Pfizer (NYSE:PFE) plans to maximize revenues from its current in-line portfolio and new products. To expand future revenues, Pfizer will generate cost savings through site rationalization in research and manufacturing, streamlined organizational structures, staff function reductions, increased outsourcing and procurement savings. The company's cost reduction initiatives will result in the elimination of about 10,000 positions or about ten percent of Pfizer's total worldwide workforce by the end of next year. For 2007, Pfizer sees revenues comparable to 2006. The company is seeing an adjusted EPS of $2.18 to $2.25, up to $10B in common stock purchases. For 2008, Pfizer sees revenues comparable to 2006, with an adjusted EPS of $2.31 to $2.45.  

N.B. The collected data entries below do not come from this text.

Lemma card_closed_3walks_le : (#|closed_3walks| <= 6 * ntriangles adj)%N.
Proof.
have [adjC adjN] := adj_simple.
have adjF v : adj v v = false by apply: negbTE.
pose vertex_set (x : 'I_n * 'I_n * 'I_n) := [set x.1.1; x.1.2; x.2].
pose triangle (S : {set 'I_n}) := (#|S| == 3)%N && is_clique adj S.
have walk_distinct x : x \in closed_3walks ->
    [&& x.1.1 != x.1.2, x.1.2 != x.2 & x.2 != x.1.1].
  case: x => [[i j] k]; rewrite inE /= => /and3P[ij jk ki].
  apply/and3P; split; [move: ij | move: jk | move: ki];
  by apply: contraTneq => ->; rewrite adjF.
have walk_triangle x : x \in closed_3walks -> triangle (vertex_set x).
  move=> wx; have /and3P[d1 d2 d3] := walk_distinct x wx.
  rewrite /triangle card_set3 //=; case: x wx d1 d2 d3 => [[i j] k].
  rewrite inE /= => /and3P[ij jk ki] _ _ _.
  apply/forall_inP => u; rewrite !inE => /orP[/orP[]|] /eqP->;
  apply/forall_inP => v; rewrite !inE => /orP[/orP[]|] /eqP->;
  by rewrite ?eqxx //= ?ij ?jk ?ki ?implybT // adjC ?ij ?jk ?ki implybT.
rewrite -sum1_card (partition_big vertex_set triangle) //= /ntriangles -/triangle.
rewrite mulnC -sum_nat_cond_const; apply: leq_sum => S /andP[/eqP S3 _].
rewrite sum1_card; apply: leq_trans (card_orderings3_le S3).
apply/subset_leq_card/subsetP => x; rewrite !inE => /andP[wx /eqP <-].
by have /and3P[-> -> ->] := walk_distinct _ wx; rewrite /= eqxx.
Qed.

End GraphCounting.

Lemma natr_card_set (R : pzSemiRingType) (T : finType) (P : pred T) :
  (#|[set x | P x]|)%:R = \sum_x (P x)%:R :> R.
Proof.
rewrite -sum1_card big_mkcond natr_sum; apply: eq_bigr => x _.
by rewrite inE; case: (P x).
Qed.

Section AdjacencyTraces.
Variables (R : realType) (n : nat) (adj : rel 'I_n.+1).
Local Notation A := (adjmx R adj).

Lemma mxtrace_adjmx_sqr : simple_graph adj -> \tr (A ^+ 2) = #|arcs adj|%:R.
Proof.
move=> [adjC _]; rewrite natr_card_set.
rewrite -(pair_big xpredT xpredT (fun i j => (adj i j)%:R)) /=.
apply: eq_bigr => i _; rewrite expr2 -mulmxE mxE; apply: eq_bigr => j _.
by rewrite !mxE -natrM mulnb (adjC j i) andbb.
Qed.

Lemma mxtrace_adjmx_cube : \tr (A ^+ 3) = #|closed_3walks adj|%:R.
Proof.
rewrite natr_card_set -(pair_big xpredT xpredT
  (fun ij k => [&& adj ij.1 ij.2, adj ij.2 k & adj k ij.1]%:R)) /=.
rewrite -(pair_big xpredT xpredT
  (fun i j => \sum_k [&& adj i j, adj j k & adj k i]%:R)) /=.
apply: eq_bigr => i _; rewrite exprS expr2 -!mulmxE mxE; apply: eq_bigr => j _.
rewrite !mxE mulr_sumr; apply: eq_bigr => k _.
by rewrite !mxE -!natrM !mulnb andbA.
Qed.

Lemma sum_sqr_eigenvalues_le (ev : seq R) : simple_graph adj ->
  char_poly A = \prod_(x <- ev) ('X - x%:P) ->
  \sum_(x <- ev) x ^+ 2 <= 2 * (nedges adj)%:R.
Proof.
move=> adj_simple ev_char; rewrite -(mxtrace_exprn_real 2 ev_char).
by rewrite mxtrace_adjmx_sqr // -natrM ler_nat card_arcs_le.
Qed.

Lemma sum_cube_eigenvalues_le (ev : seq R) : simple_graph adj ->
  char_poly A = \prod_(x <- ev) ('X - x%:P) ->
  \sum_(x <- ev) x ^+ 3 <= 6 * (ntriangles adj)%:R.
Proof.
move=> adj_simple ev_char; rewrite -(mxtrace_exprn_real 3 ev_char).
by rewrite mxtrace_adjmx_cube -natrM ler_nat card_closed_3walks_le.
Qed.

StarTek, Inc. (NYSE:SRT) said total revenues are expected to be approximately $238 million for FY06, versus the consensus $243 million. Q4 revenues are expected to be approximately $59 million, versus the consensus of $64 million. The company expects fully diluted earnings per share in the range of $0.07 to $0.09 per share for the Q4 2006, versus the consensus of $0.16 and $0.38 to $0.40 per share for the full year, versus the consensus of $0.47.

Texas Instruments (NYSE:TXN) reports Q4 EPS of $0.39, one cent better than estimates.  The company's revenues were $3.46 billion versus $3.43 billion consensus. They predict a Q1 EPS of $0.28 to $0.34, versus the consensus of $0.35, with a Q1 revenue of $3.01 to 3.28 billion versus the $3.30 billion consensus.

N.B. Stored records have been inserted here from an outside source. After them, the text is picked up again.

(* Let $n \ge 3$ be an integer and let $I$ be a degree-based topological index with coefficients $c_{12},c_{13},c_{22},c_{23},c_{33}$. Define $c'_{12} = c_{12}-4c_{22}+3c_{23}$, $c'_{13} = c_{13}-3c_{22}+2c_{23}$, $c'_{33} = c_{22}-2c_{23}+c_{33}$. If $c'_{13}<c'_{12}<-c'_{33}<0$, then the path $P_n$ on $n$ vertices is, up to isomorphism, the only tree in $\mathcal{G}_3(n,n-1)$ that maximizes $I$.
   Context: For integers $n,m$, $\mathcal{G}_3(n,m)$ denotes the set of simple connected undirected graphs (chemical graphs) with $n$ vertices, $m$ edges and maximum degree at most $3$; in particular $\mathcal{G}_3(n,n-1)$ is the set of trees of order $n$ with maximum degree at most $3$. For a graph $G$ and $1\le i\le j$, an $ij$-edge is an edge whose endpoints have degrees $i$ and $j$, and $m_{ij}$ denotes the number of $ij$-edges of $G$. A degree-based topological index $I$ is a function on chemical graphs of order $n\ge 3$ of the form $I(G)=c_{12}m_{12}+c_{13}m_{13}+c_{22}m_{22}+c_{23}m_{23}+c_{33}m_{33}$, where the $c_{ij}$ are fixed real numbers. *)

From mathcomp Require Import all_boot all_order all_fingroup all_algebra.
Set Implicit Arguments. Unset Strict Implicit. Unset Printing Implicit Defensive.
Import Order.TTheory GRing.Theory Num.Theory.

Definition simple_graph (n : nat) (e : rel 'I_n) : Prop :=
  symmetric e /\ irreflexive e.

Definition deg (n : nat) (e : rel 'I_n) (x : 'I_n) : nat := #|[set y | e x y]|.

Definition nedges (n : nat) (e : rel 'I_n) : nat :=
  #|[set p : 'I_n * 'I_n | (p.1 < p.2)%N && e p.1 p.2]|.

Definition connected_graph (n : nat) (e : rel 'I_n) : Prop :=
  forall x y : 'I_n, connect e x y.

(* G in G_3(n,m): simple, connected, n vertices, m edges, max degree <= 3 *)
Definition chemical_graph (n m : nat) (e : rel 'I_n) : Prop :=
  [/\ simple_graph e, connected_graph e, nedges e = m
    & forall x, (deg e x <= 3)%N].

Definition mij (n : nat) (e : rel 'I_n) (i j : nat) : nat :=
  #|[set p : 'I_n * 'I_n | [&& (p.1 < p.2)%N, e p.1 p.2 &
      ((deg e p.1 == i) && (deg e p.2 == j))
      || ((deg e p.1 == j) && (deg e p.2 == i))]]|.

Definition topo_index (R : numDomainType) (c12 c13 c22 c23 c33 : R)
  (n : nat) (e : rel 'I_n) : R :=
  (c12 * (mij e 1 2)%:R + c13 * (mij e 1 3)%:R + c22 * (mij e 2 2)%:R
   + c23 * (mij e 2 3)%:R + c33 * (mij e 3 3)%:R)%R.

Definition path_graph (n : nat) : rel 'I_n :=
  fun x y => ((x : nat).+1 == y) || ((y : nat).+1 == x).

Definition graph_iso (n : nat) (e1 e2 : rel 'I_n) : Prop :=
  exists f : {perm 'I_n}, forall x y, e1 x y = e2 (f x) (f y).

Arguments chemical_graph n m e : clear implicits.
Arguments path_graph n : clear implicits.

From mathcomp Require Import all_boot all_order all_fingroup all_algebra.
From mathcomp Require Import zify ring lra.
Set Implicit Arguments. Unset Strict Implicit. Unset Printing Implicit Defensive.
Import Order.TTheory GRing.Theory Num.Theory.

(* Let n_k be the number of vertices of degree k in a chemical tree T of order
   n >= 3.  Counting edge ends at the vertices of each degree gives
   k n_k = sum_j m_kj (with m_11 = 0, as two adjacent leaves would form a
   component), and the handshake lemma with n - 1 edges gives n_1 = n_3 + 2.
   Eliminating m_22 and m_23 yields
     I(T) = c22 (n + 5) - 6 c23 + c'12 m12 + c'13 m13 + c'33 m33,
   with m12 + m13 = n_3 + 2.  Rooting T, every edge joins a vertex to its
   parent, so sending an edge to its child endpoint bounds m33 by n_3.  Hence
     I(T) - I(P_n) <= (c'13 - c'12) m13 + (c'12 + c'33) n_3,
   which is negative as soon as n_3 > 0.  A tree with no vertex of degree 3 is
   a path: numbering its vertices by their distance to a leaf is an
   isomorphism onto P_n. *)

Section DegreeCounting.
Variables (n : nat) (e : rel 'I_n).

Lemma card_pair_set (P : pred ('I_n * 'I_n)) :
  #|[set p | P p]| = \sum_(x : 'I_n) \sum_(y : 'I_n) (P (x, y) : nat).
Proof.
rewrite pair_bigA -sum1_card big_mkcond /=; apply: eq_bigr => -[x y] _.
by rewrite inE; case: (P _).
Qed.

Lemma degE x : deg e x = \sum_(y : 'I_n) (e x y : nat).
Proof.
rewrite /deg -sum1_card big_mkcond /=; apply: eq_bigr => y _.
by rewrite inE; case: (e x y).
Qed.

Lemma sum_pairs_ltn_split (A : rel 'I_n) : irreflexive A ->
  \sum_(x : 'I_n) \sum_(y : 'I_n) (((x < y) && A x y) : nat)
  + \sum_(x : 'I_n) \sum_(y : 'I_n) (((x < y) && A y x) : nat)
  = \sum_(x : 'I_n) \sum_(y : 'I_n) (A x y : nat).
Proof.
move=> irrA; rewrite [X in _ + X = _]exchange_big /= -big_split /=.
apply: eq_bigr => x _; rewrite -big_split /=; apply: eq_bigr => y _.
case: (ltngtP x y) => [||/val_inj ->]; rewrite /= ?addn0 ?add0n ?irrA //.
Qed.

Definition ndeg (k : nat) : nat := #|[set x | deg e x == k]|.

(* Ordered pairs: an ij-edge is counted once by [arcs i j] if i != j, twice if i = j. *)
Definition arcs (i j : nat) : nat :=
  \sum_(x : 'I_n) \sum_(y : 'I_n) ([&& e x y, deg e x == i & deg e y == j] : nat).

Lemma ndegE k : ndeg k = \sum_(x : 'I_n) ((deg e x == k) : nat).
Proof.
rewrite /ndeg -sum1_card big_mkcond /=; apply: eq_bigr => x _.
by rewrite inE; case: (_ == _).
Qed.

Hypothesis deg_range : forall x, 1 <= deg e x <= 3.

Lemma card_ord_ndeg : n = ndeg 1 + ndeg 2 + ndeg 3.
Proof.
rewrite !ndegE -!big_split /= -{1}(card_ord n) -sum1_card.
by apply: eq_bigr => x _; have := deg_range x; case: (deg e x) => [|[|[|[]]]].
Qed.

Lemma sum_deg_ndeg : \sum_(x : 'I_n) deg e x = ndeg 1 + 2 * ndeg 2 + 3 * ndeg 3.
Proof.
rewrite !ndegE !big_distrr -!big_split /=; apply: eq_bigr => x _.
by have := deg_range x; case: (deg e x) => [|[|[|[]]]].
Qed.

Lemma mul_ndeg_arcs k : k * ndeg k = arcs k 1 + arcs k 2 + arcs k 3.
Proof.
rewrite ndegE big_distrr /= /arcs -!big_split /=; apply: eq_bigr => x _.
rewrite -!big_split /=; case: eqP => [<-|_] /=; last first.
  by rewrite muln0 big1 // => y _; rewrite !andbF.
rewrite muln1 degE; apply: eq_bigr => y _.
by case: (e x y); have := deg_range y; case: (deg e y) => [|[|[|[]]]].
Qed.

Hypothesis simple_e : simple_graph e.

Lemma arcsC i j : arcs i j = arcs j i.
Proof.
rewrite /arcs exchange_big /=; apply: eq_bigr => x _; apply: eq_bigr => y _.
by rewrite (proj1 simple_e); case: (e x y); case: (_ == _); case: (_ == _).
Qed.

Lemma handshake : \sum_(x : 'I_n) deg e x = 2 * nedges e.
Proof.
have [sym_e irr_e] := simple_e.
rewrite /nedges card_pair_set mul2n -addnn.
rewrite [X in (_ = _ + X)](eq_bigr (fun x : 'I_n => \sum_(y : 'I_n) (((x < y) && e y x) : nat)))
  => [|x _]; last by apply: eq_bigr => y _; rewrite sym_e.
by rewrite sum_pairs_ltn_split //; apply: eq_bigr => x _; rewrite degE.
Qed.

Lemma mij_arcs i j : i != j -> mij e i j = arcs i j.
Proof.
have [sym_e irr_e] := simple_e; move=> neq_ij.
set A := fun x y => [&& e x y, deg e x == i & deg e y == j].
rewrite /mij card_pair_set /arcs -(@sum_pairs_ltn_split A); last by move=> x; rewrite /A irr_e.
rewrite -big_split /=; apply: eq_bigr => x _; rewrite -big_split /=.
apply: eq_bigr => y _; rewrite /A /= (sym_e y x).
case: (x < y) => //=; case: (e x y) => //=.
case: (deg e x =P i) => [->|_]; rewrite ?(negbTE neq_ij) ?andbF ?addn0 ?orbF //=.
by rewrite andbC.
Qed.

Lemma mij_diag_arcs i : 2 * mij e i i = arcs i i.
Proof.
have [sym_e irr_e] := simple_e.
set A := fun x y => [&& e x y, deg e x == i & deg e y == i].
rewrite mul2n -addnn /mij card_pair_set /arcs -(@sum_pairs_ltn_split A); last by move=> x; rewrite /A irr_e.
by congr (_ + _); apply: eq_bigr => x _; apply: eq_bigr => y _;
  rewrite /A /= ?(sym_e y x) orbb // [(_ == i) && _]andbC.
Qed.

End DegreeCounting.

Lemma exists_notin_set n (A : {set 'I_n}) : #|A| < n -> exists z, z \notin A.
Proof.
move=> ltAn; have : 0 < #|~: A| by rewrite cardsCs setCK card_ord; lia.
by rewrite card_gt0 => /set0Pn [z]; rewrite inE; exists z.
Qed.

Lemma deg_gt0 n (e : rel 'I_n) x : 1 < n -> connected_graph e -> 0 < deg e x.
Proof.
move=> n_gt1 conn_e.
have [y] : exists y, y \notin [set x] by apply: exists_notin_set; rewrite cards1.
rewrite inE; case/connectP: (conn_e x y) => -[/= _ ->|z p /= /andP [exz _] _ _].
  by rewrite eqxx.
by rewrite /deg card_gt0; apply/set0Pn; exists z; rewrite inE.
Qed.

Lemma leaf_adj n (e : rel 'I_n) x y z : deg e x = 1 -> e x y -> e x z -> z = y.
Proof.
move=> /eqP/cards1P [w Nx] exy exz.
have : y \in [set y | e x y] by rewrite inE.
have : z \in [set y | e x y] by rewrite inE.
by rewrite Nx !inE => /eqP -> /eqP ->.
Qed.

Lemma leaf_leaf_edge n (e : rel 'I_n) x y : 2 < n -> simple_graph e ->
  connected_graph e -> e x y -> deg e x = 1 -> deg e y = 1 -> False.
Proof.
move=> n_gt2 [sym_e _] conn_e exy leaf_x leaf_y.
have eyx : e y x by rewrite sym_e.
have closed_xy : closed e [set x; y].
  move=> u v euv; have evu : e v u by rewrite sym_e.
  rewrite !inE; apply/idP/idP => /orP [] /eqP ?; subst.
  - by rewrite (leaf_adj leaf_x exy euv) eqxx orbT.
  - by rewrite (leaf_adj leaf_y eyx euv) eqxx.
  - by rewrite (leaf_adj leaf_x exy evu) eqxx orbT.
  - by rewrite (leaf_adj leaf_y eyx evu) eqxx.
have [z] : exists z, z \notin [set x; y].
  by apply: exists_notin_set; rewrite cards2; case: (x != y); lia.
by rewrite -(closed_connect closed_xy (conn_e x z)) !inE eqxx.
Qed.

Lemma arcs11 n (e : rel 'I_n) : 2 < n -> simple_graph e -> connected_graph e ->
  arcs e 1 1 = 0.
Proof.
move=> n_gt2 simple_e conn_e; rewrite /arcs big1 // => x _; rewrite big1 // => y _.
case exy: (e x y) => //=; case: eqP => //= leaf_x; case: eqP => //= leaf_y.
by case: (leaf_leaf_edge n_gt2 simple_e conn_e exy leaf_x leaf_y).
Qed.

Lemma exists_leaf n (e : rel 'I_n) : 0 < n -> simple_graph e -> nedges e = n.-1 ->
  exists r, deg e r <= 1.
Proof.
move=> n_gt0 simple_e tree_e.
case: (pickP (fun r => deg e r <= 1)) => [r leaf_r|no_leaf]; first by exists r.
have : \sum_(x : 'I_n) 2 <= \sum_(x : 'I_n) deg e x.
  by apply: leq_sum => x _; have := no_leaf x; rewrite /=; lia.
by rewrite sum_nat_const card_ord handshake // tree_e; lia.
Qed.

Section BreadthFirstSearch.
Variables (n : nat) (e : rel 'I_n) (r : 'I_n).

Fixpoint within k v : bool :=
  if k is k'.+1 then within k' v || [exists u, within k' u && e u v] else v == r.

Lemma within_path p : path e r p -> within (size p) (last r p).
Proof.
elim/last_ind: p => [|p y IHp] /=; first by rewrite eqxx.
rewrite rcons_path size_rcons last_rcons => /andP [path_p e_last] /=.
by apply/orP; right; apply/existsP; exists (last r p); rewrite IHp.
Qed.

Lemma dist_subproof v : exists k, within k v || (n <= k).
Proof. by exists n; rewrite leqnn orbT. Qed.

(* The disjunct [n <= k] only makes [dist] total; for a vertex reachable from
   [r] it is the graph distance (see [within_dist]). *)
Definition dist v := ex_minn (dist_subproof v).

Lemma dist_min k v : within k v -> dist v <= k.
Proof. by rewrite /dist; case: ex_minnP => m _ min_m within_k; apply: min_m; rewrite within_k. Qed.

Hypothesis conn_r : forall x, connect e r x.

Lemma within_dist v : within (dist v) v /\ dist v < n.
Proof.
have [k /andP [within_k lt_kn]] : exists k, within k v && (k < n).
  case/connectP: (conn_r v) => p path_p ->; case/shortenP: path_p => p' path_p' uniq_p' _.
  exists (size p'); rewrite within_path //=.
  by have := max_card (mem (r :: p')); rewrite card_ord (card_uniqP uniq_p').
have := dist_min within_k; rewrite /dist; case: ex_minnP => m /orP [within_m|le_nm] _ le_mk.
  by split=> //; apply: leq_ltn_trans lt_kn.
by have := leq_trans le_nm le_mk; rewrite leqNgt lt_kn.
Qed.

Lemma dist_eq0 v : (dist v == 0) = (v == r).
Proof.
apply/idP/eqP => [/eqP dv0 | ->]; last by rewrite -leqn0 (@dist_min 0) //= eqxx.
by have [] := within_dist v; rewrite dv0 => /eqP.
Qed.

Lemma dist_edge u v : e u v -> dist v <= (dist u).+1.
Proof.
move=> euv; apply: dist_min => /=; apply/orP; right.
by apply/existsP; exists u; rewrite euv (proj1 (within_dist u)).
Qed.

Definition parent v := odflt r [pick u | e u v && ((dist u).+1 == dist v)].

Lemma parentP v : v != r -> e (parent v) v /\ (dist (parent v)).+1 = dist v.
Proof.
move=> v_neq_r; rewrite /parent; case: pickP => [u /andP [-> /eqP ->] //|no_parent].
have [] := within_dist v; case dv: (dist v) => [|k] /=.
  by move/eqP: dv; rewrite dist_eq0 (negbTE v_neq_r).
case/orP => [/dist_min | /existsP [u /andP [within_u euv]]]; first by rewrite dv ltnn.
have := no_parent u; rewrite euv -dv /=; have := dist_min within_u.
by have := dist_edge euv; lia.
Qed.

The board of directors of Gap Inc. (NYSE:GPS) and Paul Pressler announced today that they have mutually agreed that Mr. Pressler will step down from his position as president and CEO of the company, as well as resign his seat on the company's board, effective immediately. Robert J. Fisher, the company's current non-executive chairman of the board of directors, will also serve as president and CEO on an interim basis, effective immediately.

Carl Icahn discloses 6.73% stake in Temple-Inland Inc. (NYSE:TIN).  

ViroPharma Inc. (NDAQ:VPHM) will replace Per-Se Technologies Inc. (NDAQ:PSTI) in the S&P SmallCap 600 after the close of trading on Thursday, January 25. Per-Se is being acquired by S&P 500 constituent McKesson Corp. (NYSE:MCK) in a deal expected to close on or about that date, pending final approvals.

Agree Realty Corp. (NYSE:ADC) will replace CentraCore Properties Trust (NYSE:CPV) in the S&P REIT Composite after the close of trading on Wednesday, January 24. CentraCore is being acquired by The Geo Group, Inc. (NYSE:GEO) in a deal expected to close on or about that date, pending final approvals.

Strategic Hotels & Resorts, Inc. (NYSE:BEE) will replace Reckson Associates Realty Corp. (NYSE:RA) in the S&P REIT Composite after the close of trading on Thursday, January 25. Reckson is being acquired by S&P REIT Composite constituent SL Green Realty Corp. (NYSE:SLG) in a deal expected to close on or about that date, pending final approvals.

Nutrition 21, Inc. (NDAQ:NXXI) announced that daily supplementation with Selenomax, the company's high selenium yeast product, suppressed progression of the human immunodeficiency virus (HIV-1) and improved immune cell CD4 counts in HIV-1 seropositive men and women. These findings are significant because boosting the immune system's CD4 cell count and suppressing viral loads (co-measurements of HIV progression and the goals of HIV treatment), can decrease the likelihood of developing complication of HIV disease and prolong life. Selenomax will be available first at CVS/pharmacy (NYSE:CVS) in all its 6,200 retail stores across the country, including PharmaCare Specialty Pharmacy locations.  

Nitches, Inc. (NDAQ:NICH) reports Q1 EPS of $0.27 compared to $0.14 for the same period last year. Consolidated net sales for the Q1 FY07 increased 141% to $35.4 million versus $14.7 million for the first quarter of 2006.